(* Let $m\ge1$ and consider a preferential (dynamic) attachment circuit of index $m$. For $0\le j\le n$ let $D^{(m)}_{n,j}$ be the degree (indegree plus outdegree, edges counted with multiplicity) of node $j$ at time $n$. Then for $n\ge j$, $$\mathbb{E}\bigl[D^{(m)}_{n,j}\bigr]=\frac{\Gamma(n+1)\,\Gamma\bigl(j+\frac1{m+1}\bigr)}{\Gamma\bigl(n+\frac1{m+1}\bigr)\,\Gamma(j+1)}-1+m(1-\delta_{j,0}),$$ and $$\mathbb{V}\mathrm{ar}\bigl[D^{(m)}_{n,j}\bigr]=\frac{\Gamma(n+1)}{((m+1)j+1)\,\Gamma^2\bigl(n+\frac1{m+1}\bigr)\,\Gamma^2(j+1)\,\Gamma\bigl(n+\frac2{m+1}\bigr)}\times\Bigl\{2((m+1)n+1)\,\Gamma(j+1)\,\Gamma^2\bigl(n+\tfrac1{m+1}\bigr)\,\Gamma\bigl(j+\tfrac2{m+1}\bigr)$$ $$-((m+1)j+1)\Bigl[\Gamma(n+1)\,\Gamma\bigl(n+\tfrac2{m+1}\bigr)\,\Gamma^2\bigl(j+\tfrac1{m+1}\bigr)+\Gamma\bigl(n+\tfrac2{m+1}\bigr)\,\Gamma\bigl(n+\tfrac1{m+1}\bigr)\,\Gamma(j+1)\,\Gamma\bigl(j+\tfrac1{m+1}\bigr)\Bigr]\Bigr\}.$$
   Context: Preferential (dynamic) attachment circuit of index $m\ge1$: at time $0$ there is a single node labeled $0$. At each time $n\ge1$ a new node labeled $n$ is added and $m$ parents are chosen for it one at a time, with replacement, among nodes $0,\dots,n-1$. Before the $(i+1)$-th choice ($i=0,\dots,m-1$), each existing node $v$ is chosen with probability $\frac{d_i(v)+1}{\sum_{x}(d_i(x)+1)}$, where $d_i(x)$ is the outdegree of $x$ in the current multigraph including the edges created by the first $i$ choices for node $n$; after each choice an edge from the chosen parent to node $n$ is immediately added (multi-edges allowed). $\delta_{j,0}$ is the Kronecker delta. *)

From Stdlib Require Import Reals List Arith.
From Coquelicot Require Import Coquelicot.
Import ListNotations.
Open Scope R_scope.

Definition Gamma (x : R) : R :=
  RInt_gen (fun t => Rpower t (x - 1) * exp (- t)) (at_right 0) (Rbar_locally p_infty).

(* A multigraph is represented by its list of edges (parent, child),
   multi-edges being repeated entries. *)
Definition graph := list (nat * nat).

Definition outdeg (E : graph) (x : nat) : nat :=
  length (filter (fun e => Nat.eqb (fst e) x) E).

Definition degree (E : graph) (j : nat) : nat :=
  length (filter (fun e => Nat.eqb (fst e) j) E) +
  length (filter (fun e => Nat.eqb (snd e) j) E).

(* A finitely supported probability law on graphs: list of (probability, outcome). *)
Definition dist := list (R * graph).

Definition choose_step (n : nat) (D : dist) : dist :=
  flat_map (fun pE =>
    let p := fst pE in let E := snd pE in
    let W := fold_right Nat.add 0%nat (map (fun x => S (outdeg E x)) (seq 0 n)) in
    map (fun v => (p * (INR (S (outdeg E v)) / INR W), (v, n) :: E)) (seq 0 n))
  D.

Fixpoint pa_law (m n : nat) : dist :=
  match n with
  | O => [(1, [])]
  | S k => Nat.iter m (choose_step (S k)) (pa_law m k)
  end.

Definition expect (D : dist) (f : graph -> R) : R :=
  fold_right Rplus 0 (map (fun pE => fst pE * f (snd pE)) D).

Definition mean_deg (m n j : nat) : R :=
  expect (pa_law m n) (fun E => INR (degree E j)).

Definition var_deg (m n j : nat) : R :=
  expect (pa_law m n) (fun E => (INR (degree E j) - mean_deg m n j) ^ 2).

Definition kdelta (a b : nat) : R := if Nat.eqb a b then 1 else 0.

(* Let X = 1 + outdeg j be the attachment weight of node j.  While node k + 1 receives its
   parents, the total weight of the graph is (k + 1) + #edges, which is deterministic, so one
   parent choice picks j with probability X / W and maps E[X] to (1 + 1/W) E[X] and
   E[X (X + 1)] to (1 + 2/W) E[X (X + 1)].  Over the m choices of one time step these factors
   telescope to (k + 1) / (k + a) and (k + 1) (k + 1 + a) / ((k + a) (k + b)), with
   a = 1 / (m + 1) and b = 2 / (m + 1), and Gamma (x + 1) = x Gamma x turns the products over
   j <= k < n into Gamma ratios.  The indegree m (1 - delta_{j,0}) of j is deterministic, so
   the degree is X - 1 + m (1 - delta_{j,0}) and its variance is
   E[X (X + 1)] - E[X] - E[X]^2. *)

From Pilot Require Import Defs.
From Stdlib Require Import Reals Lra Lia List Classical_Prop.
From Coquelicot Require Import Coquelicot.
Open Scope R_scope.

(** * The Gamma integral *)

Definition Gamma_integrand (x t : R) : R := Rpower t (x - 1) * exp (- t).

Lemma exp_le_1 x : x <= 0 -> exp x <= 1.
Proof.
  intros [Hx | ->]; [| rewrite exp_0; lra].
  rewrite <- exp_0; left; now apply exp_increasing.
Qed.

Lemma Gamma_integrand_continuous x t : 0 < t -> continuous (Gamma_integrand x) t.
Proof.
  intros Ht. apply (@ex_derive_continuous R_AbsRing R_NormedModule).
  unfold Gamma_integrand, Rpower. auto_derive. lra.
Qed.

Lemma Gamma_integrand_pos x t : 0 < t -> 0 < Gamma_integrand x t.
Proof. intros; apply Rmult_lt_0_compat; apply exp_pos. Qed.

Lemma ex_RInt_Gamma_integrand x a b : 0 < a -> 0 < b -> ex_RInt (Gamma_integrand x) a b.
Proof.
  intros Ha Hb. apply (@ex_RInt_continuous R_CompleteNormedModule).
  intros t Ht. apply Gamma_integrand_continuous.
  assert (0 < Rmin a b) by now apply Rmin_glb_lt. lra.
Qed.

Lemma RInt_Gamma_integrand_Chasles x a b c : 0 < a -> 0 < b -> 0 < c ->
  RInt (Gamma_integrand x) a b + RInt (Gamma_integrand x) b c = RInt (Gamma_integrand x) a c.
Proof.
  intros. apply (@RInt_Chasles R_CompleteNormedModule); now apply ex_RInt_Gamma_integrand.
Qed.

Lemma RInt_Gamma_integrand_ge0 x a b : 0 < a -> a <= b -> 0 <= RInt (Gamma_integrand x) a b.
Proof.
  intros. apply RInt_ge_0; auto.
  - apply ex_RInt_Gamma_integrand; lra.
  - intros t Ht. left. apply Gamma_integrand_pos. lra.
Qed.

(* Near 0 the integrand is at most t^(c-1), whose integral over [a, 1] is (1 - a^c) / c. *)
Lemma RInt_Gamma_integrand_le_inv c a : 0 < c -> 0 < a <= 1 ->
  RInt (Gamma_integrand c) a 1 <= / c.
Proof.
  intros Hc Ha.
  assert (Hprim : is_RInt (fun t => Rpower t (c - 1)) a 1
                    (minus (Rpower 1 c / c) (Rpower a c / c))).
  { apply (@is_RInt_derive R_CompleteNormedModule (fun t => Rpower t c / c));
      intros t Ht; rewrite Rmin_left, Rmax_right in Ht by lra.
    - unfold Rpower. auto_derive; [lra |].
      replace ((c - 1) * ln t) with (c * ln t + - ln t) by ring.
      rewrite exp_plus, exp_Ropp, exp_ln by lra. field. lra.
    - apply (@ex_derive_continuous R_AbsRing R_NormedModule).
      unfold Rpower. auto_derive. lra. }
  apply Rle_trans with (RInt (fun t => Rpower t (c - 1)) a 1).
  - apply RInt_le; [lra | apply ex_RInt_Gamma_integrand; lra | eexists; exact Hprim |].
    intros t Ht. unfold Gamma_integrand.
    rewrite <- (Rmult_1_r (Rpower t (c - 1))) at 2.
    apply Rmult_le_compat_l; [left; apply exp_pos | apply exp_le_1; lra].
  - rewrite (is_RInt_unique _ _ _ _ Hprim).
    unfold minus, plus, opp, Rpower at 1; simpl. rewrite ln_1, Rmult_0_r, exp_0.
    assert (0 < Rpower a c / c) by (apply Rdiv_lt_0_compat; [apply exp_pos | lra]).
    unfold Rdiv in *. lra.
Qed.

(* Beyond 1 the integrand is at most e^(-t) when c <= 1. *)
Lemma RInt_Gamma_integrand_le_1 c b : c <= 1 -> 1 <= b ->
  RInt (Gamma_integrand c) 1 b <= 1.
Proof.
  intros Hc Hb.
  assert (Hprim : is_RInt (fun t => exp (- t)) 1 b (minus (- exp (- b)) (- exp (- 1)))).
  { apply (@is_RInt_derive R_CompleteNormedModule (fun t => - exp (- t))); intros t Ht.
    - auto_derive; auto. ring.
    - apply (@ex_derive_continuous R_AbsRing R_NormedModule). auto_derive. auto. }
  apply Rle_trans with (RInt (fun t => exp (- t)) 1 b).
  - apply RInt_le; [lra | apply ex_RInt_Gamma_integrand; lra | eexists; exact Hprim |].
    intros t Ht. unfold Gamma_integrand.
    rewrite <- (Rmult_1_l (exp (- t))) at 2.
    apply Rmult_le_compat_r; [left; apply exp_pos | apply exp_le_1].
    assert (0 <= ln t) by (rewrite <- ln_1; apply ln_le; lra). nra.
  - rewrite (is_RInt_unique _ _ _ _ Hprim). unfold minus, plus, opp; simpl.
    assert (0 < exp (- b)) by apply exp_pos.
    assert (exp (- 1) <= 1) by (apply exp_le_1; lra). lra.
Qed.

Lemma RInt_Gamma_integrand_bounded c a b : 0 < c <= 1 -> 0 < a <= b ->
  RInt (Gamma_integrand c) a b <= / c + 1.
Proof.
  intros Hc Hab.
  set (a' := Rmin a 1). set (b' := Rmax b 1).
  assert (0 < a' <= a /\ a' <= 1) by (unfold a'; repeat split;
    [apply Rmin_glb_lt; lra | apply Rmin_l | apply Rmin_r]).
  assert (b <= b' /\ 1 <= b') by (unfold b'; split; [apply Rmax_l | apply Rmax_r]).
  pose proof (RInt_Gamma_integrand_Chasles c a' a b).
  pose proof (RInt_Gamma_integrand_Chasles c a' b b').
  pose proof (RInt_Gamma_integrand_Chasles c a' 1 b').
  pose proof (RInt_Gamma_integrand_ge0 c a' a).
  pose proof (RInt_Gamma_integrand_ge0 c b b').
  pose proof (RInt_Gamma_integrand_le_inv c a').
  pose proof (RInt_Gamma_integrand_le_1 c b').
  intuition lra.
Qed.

....

*YOUR TASK:* Return a word-for-word copy of the lines above from the one holding "j <= k < n into" through the one holding "From Stdlib Require Import Reals Lra", with both of them included and nothing besides.

*TASK RESPONSE:*
   j <= k < n into Gamma ratios.  The indegree m (1 - delta_{j,0}) of j is deterministic, so
   the degree is X - 1 + m (1 - delta_{j,0}) and its variance is
   E[X (X + 1)] - E[X] - E[X]^2. *)

From Pilot Require Import Defs.
From Stdlib Require Import Reals Lra Lia List Classical_Prop.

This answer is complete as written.